The Dirty Dozen Closes (part 2)

by Michael D. Hargrove     


These are the twelve most commonly used closes in the sales industry.

Now, don’t ask me what research firm did the preliminary data acquisition work or what market segments were included, or was a control group used, etc. As far as the “top twelve commonly used” is concerned, I’m guessing, okay? Actually, I was just stumped for a good “opening grabber line” and grew tired of just sitting here, so sue me.

These are just a few of the most common closing strategies shared at the workshops we’ve conducted all across North America. Please keep in mind that nothing works all the time, and no one thing will work for everybody. Each of these strategies, of course, need to be tailored to the individual user, to the specific customer, and the particular situation. Also, this is by no means the definitive work on closing and it’s not intended to be. Heck, some of these things are older than dirt and some of them (in my opinion) deserve the thick dust that’s resting on them.

But don’t let my personal bias sway you at all. Just because something would never work on us is no reason not to have it in our toolbox. Remember, if all we have are tools that would work on us, then all we’ll ever do is close people who are like us. That’s the quickest way to an income rut that I know of. Besides, some very talented salespeople have told me that they make these strategies work for them. If they can use them successfully, then so can we. So here are the last six.

Buying Criteria Close

1. Summarize how our car satisfies our customer’s dominate buying motives.

a. “You said that your wife will be driving this most of the time didn’t you?” “Yes, I did.” “Both of your sons are with her most of the time too, right?” “Yes” “With the dual airbags, the Antilock Braking system, the impact zones and the All-Wheel Drive we talked about, wouldn’t you agree that this provides all the safety you were hoping to find for your family?” “Yes, definitely.” “Great! Then sounds to me like the only decision you need to make is how to register your new car…did you want it in both names or just your name?”

The Assumptive Close
1. Assume the sale and end with a control question.

a. “Sounds like we’ve found just the right truck for you Dave, let’s get you out of here so you can take this thing fishing. Did you want to register it in one name or two?”

b. “Come on inside and we’ll wrap this thing up so you can start showing off your new car. Did you want to pay cash or finance a balance?”


Ben Franklin Close
1. Simply list all the pros & cons of the purchase today.

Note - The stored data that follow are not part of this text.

(* Let $\Omega_0\subseteq\mathbb{R}^{p+1}$ be a domain and $A_0,A_1\in C^{\omega}(\Omega_0,\mathbb{A})$. Then $$GCK[A_0]=HGCK[A_0,0]+\frac1q\,HGCK[0,D_{\mathbf{x}_p}A_0],$$ and $$HGCK[A_0,A_1]=\mathcal{PE}\big[GCK[A_0]\big]+q\,\mathcal{PO}\big[GCK[f_0]\big],$$ where $f_0\in C^\omega(\Omega_0,\mathbb{A})$ is a solution of $D_{\mathbf{x}_p}f_0=A_1$, if it exists (identities holding where all terms are defined).
   Context: Let $\mathbb{A}$ be a real alternative algebra (the associator $[a,b,c]=(ab)c-a(bc)$ is an alternating trilinear function) with unity $1$, of finite real dimension $d>1$, equipped with an anti-involution $a\mapsto a^c$ (real linear, $a^c=a$ for real $a$, $(a^c)^c=a$, $(ab)^c=b^ca^c$). Let $t(x)=x+x^c$, $n(x)=xx^c$, $\mathbb{S}_{\mathbb{A}}=\{x: t(x)=0,\ n(x)=1\}$ (assumed nonempty) and $Q_{\mathbb{A}}=\mathbb{R}\cup\{x: t(x)\in\mathbb{R},\ n(x)\in\mathbb{R},\ 4n(x)>t(x)^2\}$. Let $M$ be a real subspace with $\mathbb{R}\subsetneq M\subseteq Q_{\mathbb{A}}$ having a basis $(v_0,\dots,v_m)$, $m\ge1$, $v_0=1$, $v_s\in\mathbb{S}_{\mathbb{A}}$, $v_sv_t=-v_tv_s$ for distinct $s,t\ge1$; complete it to a basis of $\mathbb{A}$ with associated Euclidean norm. Identify $x=\sum x_sv_s\in M$ with $(x_0,\dots,x_m)\in\mathbb{R}^{m+1}$; differentiate componentwise; $C^\omega$ = componentwise real analytic. Fix $p\in\{0,\dots,m-1\}$, $q=m-p$; $\mathbf{x}=\mathbf{x}_p+\underline{\mathbf{x}}_q$ with $\mathbf{x}_p=\sum_{s=0}^px_sv_s\in\mathbb{R}^{p+1}$, $\underline{\mathbf{x}}_q=\sum_{s=p+1}^m x_sv_s$; $r=|\underline{\mathbf{x}}_q|$. $D_{\mathbf{x}_p}f=\sum_{s=0}^p v_s\partial_{x_s}f$, $\Delta_{\mathbf{x}_p}=\sum_{s=0}^p\partial_{x_s}^2$. With $\mathbf{x}_\diamond=\mathbf{x}_p-\underline{\mathbf{x}}_q$: $\mathcal{PE}[h](\mathbf{x})=\frac12(h(\mathbf{x})+h(\mathbf{x}_\diamond))$, $\mathcal{PO}[h](\mathbf{x})=\frac12(h(\mathbf{x})-h(\mathbf{x}_\diamond))$. The monogenic generalized CK-extension of real analytic $g$ on $\Omega_0$ is $GCK[g](\mathbf{x})=\sum_{k\ge0}\frac{\Gamma(\frac q2)(-1)^kr^{2k}}{2^{2k}k!\Gamma(k+\frac q2)}\Delta_{\mathbf{x}_p}^kg(\mathbf{x}_p)+\underline{\mathbf{x}}_q\sum_{k\ge0}\frac{\Gamma(\frac q2)(-1)^kr^{2k}}{2^{2k+1}k!\Gamma(k+\frac q2+1)}\Delta_{\mathbf{x}_p}^k(D_{\mathbf{x}_p}g(\mathbf{x}_p))$, the unique function of the form $\sum_k\underline{\mathbf{x}}_q^kA_k(\mathbf{x}_p)$ ($A_k$ real analytic, $A_0=g$) which is monogenic ($\sum_{s=0}^mv_s\partial_{x_s}f=0$) on a p-symmetric neighbourhood of $\Omega_0$; the harmonic generalized CK-extension of $(A_0,A_1)$ is $HGCK[A_0,A_1](\mathbf{x})=\sum_{k\ge0}\frac{\Gamma(\frac q2)(-1)^kr^{2k}}{2^{2k}k!\Gamma(k+\frac q2)}\Delta_{\mathbf{x}_p}^kA_0(\mathbf{x}_p)+\underline{\mathbf{x}}_q\sum_{k\ge0}\frac{\Gamma(\frac q2+1)(-1)^kr^{2k}}{2^{2k}k!\Gamma(k+\frac q2+1)}\Delta_{\mathbf{x}_p}^kA_1(\mathbf{x}_p)$, the unique function of the form $\sum_k\underline{\mathbf{x}}_q^kA_k(\mathbf{x}_p)$ with the given $A_0,A_1$ which is harmonic there. *)

From HB Require Import structures.
From mathcomp Require Import all_boot all_order all_algebra.
From mathcomp Require Import all_classical all_reals all_analysis.
Set Implicit Arguments. Unset Strict Implicit. Unset Printing Implicit Defensive.
Import Order.TTheory GRing.Theory Num.Theory.
Import numFieldNormedType.Exports.
Local Open Scope classical_set_scope.
Local Open Scope ring_scope.

(* ---------- The real algebra A, modelled as R^d with coordinates in a fixed
   basis, with product [mul], unity [one] and anti-involution [conj]. ---------- *)
Section Algebra.
Variables (R : realType) (d : nat).
Local Notation A := 'rV[R]_d.
Variables (mul : A -> A -> A) (one : A) (conj : A -> A).

Definition associator (a b c : A) : A := mul (mul a b) c - mul a (mul b c).

Definition alt_algebra : Prop :=
  [/\ (forall (k : R) a b c, mul (k *: a + b) c = k *: mul a c + mul b c),
      (forall (k : R) a b c, mul a (k *: b + c) = k *: mul a b + mul a c),
      (forall a, mul one a = a /\ mul a one = a) &
      (forall a b, [/\ associator a a b = 0, associator a b a = 0 &
                       associator b a a = 0])].

Definition is_real_elt (x : A) : Prop := exists c : R, x = c *: one.

Definition anti_involution : Prop :=
  [/\ (forall (k : R) a b, conj (k *: a + b) = k *: conj a + conj b),
      (forall c : R, conj (c *: one) = c *: one),
      (forall a, conj (conj a) = a) &
      (forall a b, conj (mul a b) = mul (conj b) (conj a))].

Definition trc (x : A) : A := x + conj x.
Definition nrm (x : A) : A := mul x (conj x).

Definition in_SA (x : A) : Prop := trc x = 0 /\ nrm x = one.

Definition in_QA (x : A) : Prop :=
  is_real_elt x \/
  exists t n : R, [/\ trc x = t *: one, nrm x = n *: one & t ^+ 2 < 4 * n].

Definition lin_indep (m : nat) (v : 'I_m -> A) : Prop :=
  forall c : 'I_m -> R, \sum_(s < m) c s *: v s = 0 -> forall s, c s = 0.
End Algebra.

(* ---------- Euler--Gauss limit definition of the Gamma function (z > 0):
   Gamma z = lim_n n! n^z / (z (z+1) ... (z+n)). ---------- *)
Definition Gamma (R : realType) (z : R) : R :=
  limn (fun n : nat => n`!%:R * (n%:R `^ z) / \prod_(j < n.+1) (z + j%:R)).

Section Analytic.
Variables (R : realType).

(* homogeneous part of degree N of the power series with coefficients c at h *)
Definition homog_part (n N : nat) (c : ('I_n -> nat) -> R) (h : 'rV[R]_n) : R :=
  \sum_(a : {ffun 'I_n -> 'I_N.+1} | (\sum_i (a i : nat) == N)%N)
     c (fun i => (a i : nat)) * \prod_i h ord0 i ^+ a i.

Definition ranalytic_at (n : nat) (g : 'rV[R]_n -> R) (x0 : 'rV[R]_n) : Prop :=
  exists (c : ('I_n -> nat) -> R) (rho : R), 0 < rho /\
    forall h : 'rV[R]_n, `|h| < rho ->
      cvgn (series (fun N => homog_part N (fun a => `|c a|) (map_mx Num.norm h)))
      /\ g (x0 + h) = limn (series (fun N => homog_part N c h)).

(* C^omega(Omega, A): componentwise real analytic on Omega *)
Definition analytic_on (n d : nat) (Omega : set 'rV[R]_n) (f : 'rV[R]_n -> 'rV[R]_d)
  : Prop :=
  forall x0, Omega x0 -> forall i : 'I_d, ranalytic_at (fun x => f x ord0 i) x0.

Definition domain (n : nat) (Omega : set 'rV[R]_n) : Prop :=
  [/\ Omega !=set0, open Omega & connected Omega].
End Analytic.

Section CK.
Variables (R : realType) (d m p : nat).
Local Notation A := 'rV[R]_d.
Variables (mul : A -> A -> A) (v : 'I_m.+1 -> A).
(* points x = x_p + underline x_q of R^{m+1} are given as pairs (xp, y) with
   xp in R^{p+1} (coordinates x_0..x_p) and y in R^q (coordinates
   x_{p+1}..x_m), q = m - p *)
Local Notation q := (m - p)%N.

Definition qR : R := q%:R.

(* underline x_q = sum_{s=p+1}^m x_s v_s *)
Definition xq (y : 'rV[R]_q) : A := \sum_(j < q) y ord0 j *: v (inord (p.+1 + j)).

(* r = |underline x_q| (Euclidean norm associated with the basis) *)
Definition rad (y : 'rV[R]_q) : R := Num.sqrt (\sum_(j < q) y ord0 j ^+ 2).

Definition part (s : 'I_p.+1) (f : 'rV[R]_p.+1 -> A) : 'rV[R]_p.+1 -> A :=
  'D_(delta_mx ord0 s) f.

Definition Dxp (f : 'rV[R]_p.+1 -> A) : 'rV[R]_p.+1 -> A :=
  fun x => \sum_(s < p.+1) mul (v (inord s)) (part s f x).

Definition lap (f : 'rV[R]_p.+1 -> A) : 'rV[R]_p.+1 -> A :=
  fun x => \sum_(s < p.+1) part s (part s f) x.

Definition coef_even (k : nat) (r : R) : R :=
  Gamma (qR / 2) * (-1) ^+ k * r ^+ (2 * k) /
  (2 ^+ (2 * k) * k`!%:R * Gamma (k%:R + qR / 2)).
Definition coef_odd (k : nat) (r : R) : R :=
  Gamma (qR / 2) * (-1) ^+ k * r ^+ (2 * k) /
  (2 ^+ (2 * k + 1) * k`!%:R * Gamma (k%:R + qR / 2 + 1)).
Definition coef_hodd (k : nat) (r : R) : R :=
  Gamma (qR / 2 + 1) * (-1) ^+ k * r ^+ (2 * k) /
  (2 ^+ (2 * k) * k`!%:R * Gamma (k%:R + qR / 2 + 1)).

Definition ser_even (g : 'rV[R]_p.+1 -> A) xp y :=
  series (fun k => coef_even k (rad y) *: iter k lap g xp).
Definition ser_odd (g : 'rV[R]_p.+1 -> A) xp y :=
  series (fun k => coef_odd k (rad y) *: iter k lap (Dxp g) xp).
Definition ser_hodd (A1 : 'rV[R]_p.+1 -> A) xp y :=
  series (fun k => coef_hodd k (rad y) *: iter k lap A1 xp).

Definition GCK (g : 'rV[R]_p.+1 -> A) xp y : A :=
  limn (ser_even g xp y) + mul (xq y) (limn (ser_odd g xp y)).
Definition GCK_def (g : 'rV[R]_p.+1 -> A) xp y : Prop :=
  cvgn (ser_even g xp y) /\ cvgn (ser_odd g xp y).

Definition HGCK (A0 A1 : 'rV[R]_p.+1 -> A) xp y : A :=
  limn (ser_even A0 xp y) + mul (xq y) (limn (ser_hodd A1 xp y)).
Definition HGCK_def (A0 A1 : 'rV[R]_p.+1 -> A) xp y : Prop :=
  cvgn (ser_even A0 xp y) /\ cvgn (ser_hodd A1 xp y).

(* x_diamond = x_p - underline x_q corresponds to (xp, -y) *)
Definition PE (h : 'rV[R]_p.+1 -> 'rV[R]_q -> A) xp y : A :=
  2^-1 *: (h xp y + h xp (- y)).
Definition PO (h : 'rV[R]_p.+1 -> 'rV[R]_q -> A) xp y : A :=
  2^-1 *: (h xp y - h xp (- y)).
End CK.

(** Both identities are comparisons of the coefficients of the series
    defining the extensions.  The odd coefficients of GCK and HGCK differ by
    exactly the factor [q], because [Gamma (q/2 + 1) = q/2 * Gamma (q/2)]; as
    [Gamma] is Euler's limit, this needs that limit to exist at the
    half-integers, which follows from its explicit value at [1], monotonicity
    at [1/2], and the shift relation.  For the second identity, [r] is even in
    [y] while [x_q] is odd and the product is bilinear, so [PE] keeps the even
    part of [GCK[A0]] and [PO] the [x_q]-part of [GCK[f0]]; since the
    Laplacian is local, [D f0 = A1] on the open set [Omega0] turns the latter
    into [1/q] times the odd part of [HGCK[A0, A1]]. *)
From Pilot Require Import Defs.
From HB Require Import structures.
From mathcomp Require Import all_boot all_order all_algebra.
From mathcomp Require Import all_classical all_reals all_analysis.
From mathcomp Require Import ring lra.
Import Order.TTheory GRing.Theory Num.Theory.
Import numFieldNormedType.Exports.
Local Open Scope classical_set_scope.
Local Open Scope ring_scope.
Set Implicit Arguments.
Unset Strict Implicit.

Section EulerGamma.
Variable R : realType.

Lemma natr_div_addl_cvg1 (c : R) : 0 < c ->
  (n%:R / (c + n%:R)) @[n --> \oo] --> (1 : R).
Proof.
move=> c0.
apply: (@squeeze_cvgr _ _ _ _ (fun n => 1 - (c + 1) * harmonic n) (fun=> 1)).
- apply: nearW => n /=.
  have cn0 : 0 < c + n%:R by rewrite ltr_wpDr.
  apply/andP; split; last by rewrite ler_pdivrMr // mul1r lerDr ltW.
  have -> : n%:R / (c + n%:R) = 1 - c / (c + n%:R) by field; rewrite gt_eqF.
  rewrite lerD2l lerN2 ler_pdivrMr // mulrAC ler_pdivlMr //.
  rewrite -natr1; have := ler0n R n; nra.
- rewrite -[X in _ --> X](subr0 (1 : R)) -[X in _ - X](mulr0 (c + 1)).
  by apply: cvgB; [exact: cvg_cst | exact: cvgMl_tmp cvg_harmonic].
- exact: cvg_cst.
Qed.

Definition gamma_seq (z : R) (n : nat) : R :=
  n`!%:R * (n%:R `^ z) / \prod_(j < n.+1) (z + j%:R).

Lemma gamma_prod_gt0 (z : R) n : 0 < z -> 0 < \prod_(j < n.+1) (z + j%:R).
Proof. by move=> z0; apply: prodr_gt0 => j _; rewrite ltr_wpDr. Qed.

Lemma gamma_seqD1 (z : R) n : 0 < z ->
  gamma_seq (z + 1) n = z * gamma_seq z n * (n%:R / (z + 1 + n%:R)).
Proof.
move=> z0.
have prodD1 k : \prod_(j < k.+1) (z + 1 + j%:R) * z =
                \prod_(j < k.+1) (z + j%:R) * (z + 1 + k%:R).
  elim: k => [|k IHk]; first by rewrite !big_ord1 /=; ring.
  by rewrite big_ord_recr /= [in RHS]big_ord_recr /= mulrAC IHk -natr1; ring.
have zn0 : 0 < z + 1 + n%:R by rewrite ltr_wpDr // ltr_wpDr.
rewrite /gamma_seq powRD ?powRr1 //; last by rewrite implybE gt_eqF ?ltr_wpDr.
have -> : \prod_(j < n.+1) (z + 1 + j%:R) =
          \prod_(j < n.+1) (z + j%:R) * (z + 1 + n%:R) / z.
  by rewrite -prodD1 mulfK // gt_eqF.
by field; rewrite !gt_eqF // gamma_prod_gt0.
Qed.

a. “I’ve long considered Ben Franklin to be one of this country’s greatest thinkers. I think most people do. Did you know he was America’s first millionaire? Whenever he was faced with an important decision he would take a sheet of paper and draw a line down the middle (you draw a line down the middle of a piece of blank paper or the back of the worksheet) on the left he’d write “PROS” and on the right he’d write “CONS” (you do the same thing) then he’d think of all the reasons why he should do a thing and all the reasons he shouldn’t do a thing. Then he’d total them up at the end and his decision would be made for him. Let’s try it and see what happens.”

b. We give our customer the pen and help them with all the reasons why they should buy today.
1a. hint: use the dominate buying motives too!

c. Let them think of reasons not to buy today alone.

d. Then use an assumptive close.
1a. “Well, looks like the answer’s fairly obvious…did you want that registered in the company name or your name?”


Value Added Close
1. Allow our customer to win in the negotiations by making a small concession.

a. “We just couldn’t get that last $400 discount, but I think we can get the manager to be a little more flexible. I think we can get her to throw in a car cover or a set of carpet floor mats. Which would you prefer?”

b. When our customer makes a choice, they’ve bought.

c. We may have to predetermine this technique with management, of course.


Instant Reverse Close
1. When our customer states an objection, simply use it as the very reason they should proceed and ask them under these conditions what they would do to sell themselves a vehicle.

a. “I can’t buy today, you don’t have the color I want.” We say: “That’s exactly why you should do business today!” “What?!!” “Put yourself in the sales manager’s shoes, what would you have to do to get this person to buy a car in stock from you today?”

b. “I’d never buy another car from this place, your service department sucks!” We say: “That’s exactly why you should do business with us again!!” “What?!!” “Mr. Johnson, put yourself in the owner’s shoes, if you had a customer that wasn’t satisfied with your service department what would you do to get a second chance at that customer’s business?”

c. Our customer will then tell us what has to occur in order to get their business.


Change Places Close
1. If our customer won’t give us a reason why they won’t buy today say:

“Mr. Sanchez, would you please put yourself in my situation for just a moment and imagine you’re talking with someone you really respect. You have presented to them an excellent product at an outstanding price and they won’t commit one way or another and they won’t give you a reason why. What would you do if you were in my shoes?”

a. Our customer should then tell us what the objection is.

b. If they still don’t, simply ask: “We’re really talking about the money, aren’t we?”